Lemma ln_succ_bounds x : 1 <= x -> 1 / (x + 1) <= ln (x + 1) - ln x <= 1 / x.
Proof.
  intros Hx.
  assert (ln_le : forall t, 0 < t -> ln t <= t - 1).
  { intros t Ht. pose proof (exp_ineq1_le (ln t)) as H. rewrite exp_ln in H; lra. }
  split.
  - pose proof (ln_le (x / (x + 1)) ltac:(apply Rdiv_lt_0_compat; lra)) as H.
    rewrite ln_div in H by lra.
    replace (x / (x + 1) - 1) with (- (1 / (x + 1))) in H by (field; lra). lra.
  - pose proof (ln_le ((x + 1) / x) ltac:(apply Rdiv_lt_0_compat; lra)) as H.
    rewrite ln_div in H by lra.
    replace ((x + 1) / x - 1) with (1 / x) in H by (field; lra). lra.
Qed.

Lemma ex_finite_lim_seq_dominated_increments (u w : nat -> R) (l : R) :
  is_lim_seq w l -> (forall N, Rabs (u (S N) - u N) <= w N - w (S N)) ->
  ex_finite_lim_seq u.
Proof.
  intros Hw Hinc.
  assert (Hinc' : forall N, - (w N - w (S N)) <= u (S N) - u N <= w N - w (S N))
    by (intros N; apply Rabs_le_between, Hinc).
  assert (w_ge : forall N, l <= w N).
  { apply (is_lim_seq_decr_compare w l Hw). intros N. specialize (Hinc' N). lra. }
  assert (u_ge : forall N, u 0%nat - w 0%nat + w N <= u N).
  { induction N as [|N IH]; [lra|]. specialize (Hinc' N). lra. }
  destruct (ex_finite_lim_seq_decr (fun N => u N + w N) (u 0%nat - w 0%nat + 2 * l))
    as [v Hv].
  - intros N. specialize (Hinc' N). lra.
  - intros N. specialize (u_ge N). specialize (w_ge N). lra.
  - exists (v - l). apply is_lim_seq_ext with (fun N => (u N + w N) - w N).
    + intros N. ring.
    + apply is_lim_seq_minus'; assumption.
Qed.

Lemma bounded_variation_quadratic (h dh : R -> R) (c s : R) :
  0 <= c -> h 0 = 0 ->
  (forall t, Rabs t <= Rabs s -> is_derive h t (dh t) /\ Rabs (dh t) <= c * Rabs t) ->
  Rabs (h s) <= c * s ^ 2.
Proof.
  intros Hc H0 Hd.
  assert (Hbv : Rabs (h s - h 0) <= c * Rabs s * Rabs (s - 0)).
  { apply (bounded_variation h dh). intros t Ht. rewrite !Rminus_0_r in Ht.
    destruct (Hd t Ht) as [Hder Hle]. split; [exact Hder|].
    eapply Rle_trans; [exact Hle|]. apply Rmult_le_compat_l; assumption. }
  rewrite H0, !Rminus_0_r in Hbv. rewrite <- pow2_abs. lra.
Qed.

Lemma Cmod_le_Rabs_Re_Im (w : C) : Cmod w <= Rabs (Re w) + Rabs (Im w).
Proof.
  destruct w as [x y]. unfold Cmod; simpl.
  pose proof (Rabs_pos x). pose proof (Rabs_pos y).
  rewrite <- (sqrt_pow2 (Rabs x + Rabs y)) by lra.
  apply sqrt_le_1_alt. pose proof (pow2_abs x). pose proof (pow2_abs y). simpl in *. nra.
Qed.

Definition cexp_ray (z : C) (s : R) : C :=
  (exp (Re z * s) * cos (Im z * s), exp (Re z * s) * sin (Im z * s)).

Lemma Cnatpow_cexp_ray N z : Cnatpow N z = cexp_ray z (ln (INR N)).
Proof. reflexivity. Qed.

Lemma cexp_ray_add z a b : cexp_ray z (a + b) = (cexp_ray z a * cexp_ray z b)%C.
Proof.
  unfold cexp_ray, Cmult; simpl.
  rewrite !Rmult_plus_distr_l, exp_plus, cos_plus, sin_plus. f_equal; ring.
Qed.

Lemma Cmod_cexp_ray z s : Cmod (cexp_ray z s) = exp (Re z * s).
Proof.
  unfold cexp_ray, Cmod; simpl. set (e := exp (Re z * s)). set (a := Im z * s).
  replace (e * cos a * (e * cos a * 1) + e * sin a * (e * sin a * 1)) with (e ^ 2)
    by (pose proof (sin2_cos2 a); unfold Rsqr in *; nra).
  apply sqrt_pow2. left; apply exp_pos.
Qed.

Lemma cexp_ray_conj z s : cexp_ray (Cconj z) s = Cconj (cexp_ray z s).
Proof.
  destruct z as [p q]. unfold cexp_ray, Cconj; simpl.
  rewrite Ropp_mult_distr_l_reverse, cos_neg, sin_neg. f_equal; ring.
Qed.

Lemma cexp_ray_real r s : cexp_ray (RtoC r) s = RtoC (exp (r * s)).
Proof.
  unfold cexp_ray, RtoC; simpl. rewrite Rmult_0_l, cos_0, sin_0. f_equal; ring.
Qed.

Section CexpRayTaylor.

Variable z : C.
Let p := Re z.
Let q := Im z.
Let A := Rabs p + Rabs q.
Let E := exp (Rabs p).

Let trig_combination_le c d t : Rabs c <= 1 -> Rabs d <= 1 -> Rabs t <= 1 ->
  Rabs (p * (exp (p * t) * c) + q * (exp (p * t) * d)) <= A * E * 1.
Proof.
  intros Hc Hd Ht.
  assert (He : exp (p * t) <= E).
  { apply exp_le_exp. eapply Rle_trans; [apply Rle_abs|].
    rewrite Rabs_mult. pose proof (Rabs_pos p). pose proof (Rabs_pos t). nra. }
  assert (Hterm : forall r x, Rabs x <= 1 -> Rabs (r * (exp (p * t) * x)) <= Rabs r * E).
  { intros r x Hx. rewrite !Rabs_mult, (Rabs_pos_eq (exp (p * t))) by (left; apply exp_pos).
    apply Rmult_le_compat_l; [apply Rabs_pos|].
    rewrite <- (Rmult_1_r E). apply Rmult_le_compat; auto using Rabs_pos.
    left; apply exp_pos. }
  eapply Rle_trans; [apply Rabs_triang|].
  pose proof (Hterm p c Hc). pose proof (Hterm q d Hd). unfold A. lra.
Qed.

Lemma cexp_ray_first_order s : Rabs s <= 1 ->
  Rabs (Re (cexp_ray z s) - 1) <= A * E * Rabs s /\
  Rabs (Im (cexp_ray z s)) <= A * E * Rabs s.
Proof.
  intros Hs. simpl. fold p q. split.
  - assert (H : Rabs (exp (p * s) * cos (q * s) - exp (p * 0) * cos (q * 0))
                <= A * E * 1 * Rabs (s - 0)).
    { apply (bounded_variation (fun t => exp (p * t) * cos (q * t))
        (fun t => p * (exp (p * t) * cos (q * t)) + q * (exp (p * t) * - sin (q * t)))).
      intros t Ht. rewrite !Rminus_0_r in Ht. split.
      - auto_derive; [exact I|]. ring.
      - apply trig_combination_le; try lra; apply Rabs_le.
        + apply COS_bound.
        + pose proof (SIN_bound (q * t)). lra. }
    rewrite !Rmult_0_r, exp_0, cos_0, Rmult_1_l, Rminus_0_r, Rmult_1_r in H. exact H.
  - assert (H : Rabs (exp (p * s) * sin (q * s) - exp (p * 0) * sin (q * 0))
                <= A * E * 1 * Rabs (s - 0)).
    { apply (bounded_variation (fun t => exp (p * t) * sin (q * t))
        (fun t => p * (exp (p * t) * sin (q * t)) + q * (exp (p * t) * cos (q * t)))).
      intros t Ht. rewrite !Rminus_0_r in Ht. split.
      - auto_derive; [exact I|]. ring.
      - apply trig_combination_le; try lra; apply Rabs_le; [apply SIN_bound | apply COS_bound]. }
    rewrite !Rmult_0_r, sin_0, Rmult_0_r, !Rminus_0_r, Rmult_1_r in H. exact H.
Qed.

Let linear_combination_le x y b : Rabs x <= b -> Rabs y <= b ->
  Rabs (p * x + q * y) <= A * b.
Proof.
  intros Hx Hy. eapply Rle_trans; [apply Rabs_triang|]. rewrite !Rabs_mult.
  pose proof (Rmult_le_compat_l _ _ _ (Rabs_pos p) Hx).
  pose proof (Rmult_le_compat_l _ _ _ (Rabs_pos q) Hy). unfold A. lra.
Qed.

Lemma cexp_ray_second_order s : Rabs s <= 1 ->
  Cmod (cexp_ray z s - 1 - z * RtoC s)%C <= 2 * (A ^ 2 * E) * s ^ 2.
Proof.
  intros Hs.
  assert (Hc : 0 <= A ^ 2 * E)
    by (apply Rmult_le_pos; [apply pow2_ge_0 | left; apply exp_pos]).
  assert (Hfirst : forall t, Rabs t <= Rabs s ->
    Rabs (exp (p * t) * cos (q * t) - 1) <= A * E * Rabs t /\
    Rabs (exp (p * t) * sin (q * t)) <= A * E * Rabs t)
    by (intros t Ht; apply (cexp_ray_first_order t); lra).
  assert (Hre : Rabs (exp (p * s) * cos (q * s) - 1 - p * s) <= A ^ 2 * E * s ^ 2).
  { apply (bounded_variation_quadratic (fun t => exp (p * t) * cos (q * t) - 1 - p * t)
      (fun t => p * (exp (p * t) * cos (q * t) - 1) + q * - (exp (p * t) * sin (q * t)))); auto.
    - rewrite !Rmult_0_r, exp_0, cos_0. ring.
    - intros t Ht. destruct (Hfirst t Ht) as [H1 H2]. split.
      + auto_derive; [exact I|]. ring.
      + replace (A ^ 2 * E * Rabs t) with (A * (A * E * Rabs t)) by ring.
        apply linear_combination_le; rewrite ?Rabs_Ropp; assumption. }
  assert (Him : Rabs (exp (p * s) * sin (q * s) - q * s) <= A ^ 2 * E * s ^ 2).
  { apply (bounded_variation_quadratic (fun t => exp (p * t) * sin (q * t) - q * t)
      (fun t => p * (exp (p * t) * sin (q * t)) + q * (exp (p * t) * cos (q * t) - 1))); auto.
    - rewrite !Rmult_0_r, sin_0. ring.
    - intros t Ht. destruct (Hfirst t Ht) as [H1 H2]. split.
      + auto_derive; [exact I|]. ring.
      + replace (A ^ 2 * E * Rabs t) with (A * (A * E * Rabs t)) by ring.
        apply linear_combination_le; assumption. }
  eapply Rle_trans; [apply Cmod_le_Rabs_Re_Im|].
  replace (Re (cexp_ray z s - 1 - z * RtoC s)%C) with (exp (p * s) * cos (q * s) - 1 - p * s)
    by (unfold cexp_ray, p, q, Re, Im; simpl; ring).
  replace (Im (cexp_ray z s - 1 - z * RtoC s)%C) with (exp (p * s) * sin (q * s) - q * s)
    by (unfold cexp_ray, p, q, Re, Im; simpl; ring).
  lra.
Qed.

End CexpRayTaylor.

(** * Convergence of the complex Gauss product *)

Definition gauss_increment_const (z : C) : R :=
  4 * ((Rabs (Re z) + Rabs (Im z)) ^ 2 * exp (Rabs (Re z))) + Cmod z.

Lemma gauss_increment_const_ge0 z : 0 <= gauss_increment_const z.
Proof.
  unfold gauss_increment_const. pose proof (Cmod_ge_0 z).
  assert (0 <= (Rabs (Re z) + Rabs (Im z)) ^ 2 * exp (Rabs (Re z)))
    by (apply Rmult_le_pos; [apply pow2_ge_0 | left; apply exp_pos]).
  lra.
Qed.

Lemma succ_mul_ln_succ_sub1_le x : 1 <= x -> Rabs ((x + 1) * (ln (x + 1) - ln x) - 1) <= 1 / x.
Proof.
  intros Hx. destruct (ln_succ_bounds x Hx) as [Hlo Hhi].
  apply Rabs_le_between.
  apply (Rmult_le_compat_l (x + 1)) in Hlo; [|lra].
  apply (Rmult_le_compat_l (x + 1)) in Hhi; [|lra].
  replace ((x + 1) * (1 / (x + 1))) with 1 in Hlo by (field; lra).
  replace ((x + 1) * (1 / x)) with (1 + 1 / x) in Hhi by (field; lra).
  assert (0 < 1 / x) by (apply Rdiv_lt_0_compat; lra). lra.
Qed.

Lemma gauss_increment_factor_le z N : (1 <= N)%nat ->
  let L := ln (INR (S N)) - ln (INR N) in
  Cmod (RtoC (INR (S N)) * (cexp_ray z L - 1 - z * RtoC L) + z * (RtoC (INR (S N) * L) - 1))%C
  <= gauss_increment_const z / INR N.
Proof.
  intros HN L.
  assert (Hn : 1 <= INR N) by (apply (le_INR 1); exact HN).
  assert (HS : INR (S N) = INR N + 1) by apply S_INR.
  assert (HL : 1 / (INR N + 1) <= L <= 1 / INR N)
    by (unfold L; rewrite HS; apply ln_succ_bounds, Hn).
  assert (Hinv : 1 / INR N <= 1)
    by (unfold Rdiv; rewrite Rmult_1_l, <- Rinv_1; apply Rinv_le_contravar; lra).
  assert (L_pos : 0 < L) by (pose proof (Rdiv_lt_0_compat 1 (INR N + 1)); lra).
  set (c := (Rabs (Re z) + Rabs (Im z)) ^ 2 * exp (Rabs (Re z))).
  assert (Hc : 0 <= c)
    by (apply Rmult_le_pos; [apply pow2_ge_0 | left; apply exp_pos]).
  assert (Htaylor : Cmod (cexp_ray z L - 1 - z * RtoC L)%C <= 2 * c * (1 / INR N) ^ 2).
  { eapply Rle_trans; [apply cexp_ray_second_order; rewrite Rabs_pos_eq; lra|].
    apply Rmult_le_compat_l; [lra|]. apply pow_incr. lra. }
  assert (Hlin : Rabs (INR (S N) * L - 1) <= 1 / INR N)
    by (unfold L; rewrite HS; apply succ_mul_ln_succ_sub1_le, Hn).
  eapply Rle_trans; [apply Cmod_triangle|].
  rewrite !Cmod_mult, Cmod_R, Rabs_pos_eq by apply pos_INR.
  replace (RtoC (INR (S N) * L) - 1)%C with (RtoC (INR (S N) * L - 1))
    by (unfold RtoC, Cminus, Cplus, Copp; simpl; f_equal; ring).
  rewrite Cmod_R.
  assert (H1 : INR (S N) * Cmod (cexp_ray z L - 1 - z * RtoC L)%C <= 4 * c / INR N).
  { eapply Rle_trans; [apply Rmult_le_compat_l; [apply pos_INR | exact Htaylor]|].
    rewrite HS. apply (Rmult_le_reg_r (INR N ^ 2)); [nra|].
    replace ((INR N + 1) * (2 * c * (1 / INR N) ^ 2) * INR N ^ 2) with (2 * c * (INR N + 1))
      by (field; lra).
    replace (4 * c / INR N * INR N ^ 2) with (4 * c * INR N) by (field; lra). nra. }
  assert (H2 : Cmod z * Rabs (INR (S N) * L - 1) <= Cmod z / INR N).
  { unfold Rdiv. rewrite <- (Rmult_1_l (/ INR N)).
    apply Rmult_le_compat_l; [apply Cmod_ge_0 | exact Hlin]. }
  unfold gauss_increment_const. fold c.
  replace ((4 * c + Cmod z) / INR N) with (4 * c / INR N + Cmod z / INR N) by (field; lra).
  lra.
Qed.

Lemma Cprod_shift_neq0 z N : 0 < Re z -> Cprod_shift z N <> 0%C.
Proof.
  intros Hz. assert (Hnz : forall w : C, 0 < Re w -> w <> 0%C).
  { intros w Hw E. rewrite E in Hw. simpl in Hw. lra. }
  induction N as [|N IH].
  - exact (Hnz z Hz).
  - apply Cmult_neq_0; [exact IH|]. apply Hnz.
    change (0 < Re z + INR (S N)). pose proof (pos_INR (S N)). lra.
Qed.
==*==
*What the task asks*. Each line in the records that carries "split" must be copied out.

*Answer for the task*.
  split.
    destruct (Hd t Ht) as [Hder Hle]. split; [exact Hder|].
  intros Hs. simpl. fold p q. split.
      intros t Ht. rewrite !Rminus_0_r in Ht. split.
      intros t Ht. rewrite !Rminus_0_r in Ht. split.
    - intros t Ht. destruct (Hfirst t Ht) as [H1 H2]. split.
    - intros t Ht. destruct (Hfirst t Ht) as [H1 H2]. split.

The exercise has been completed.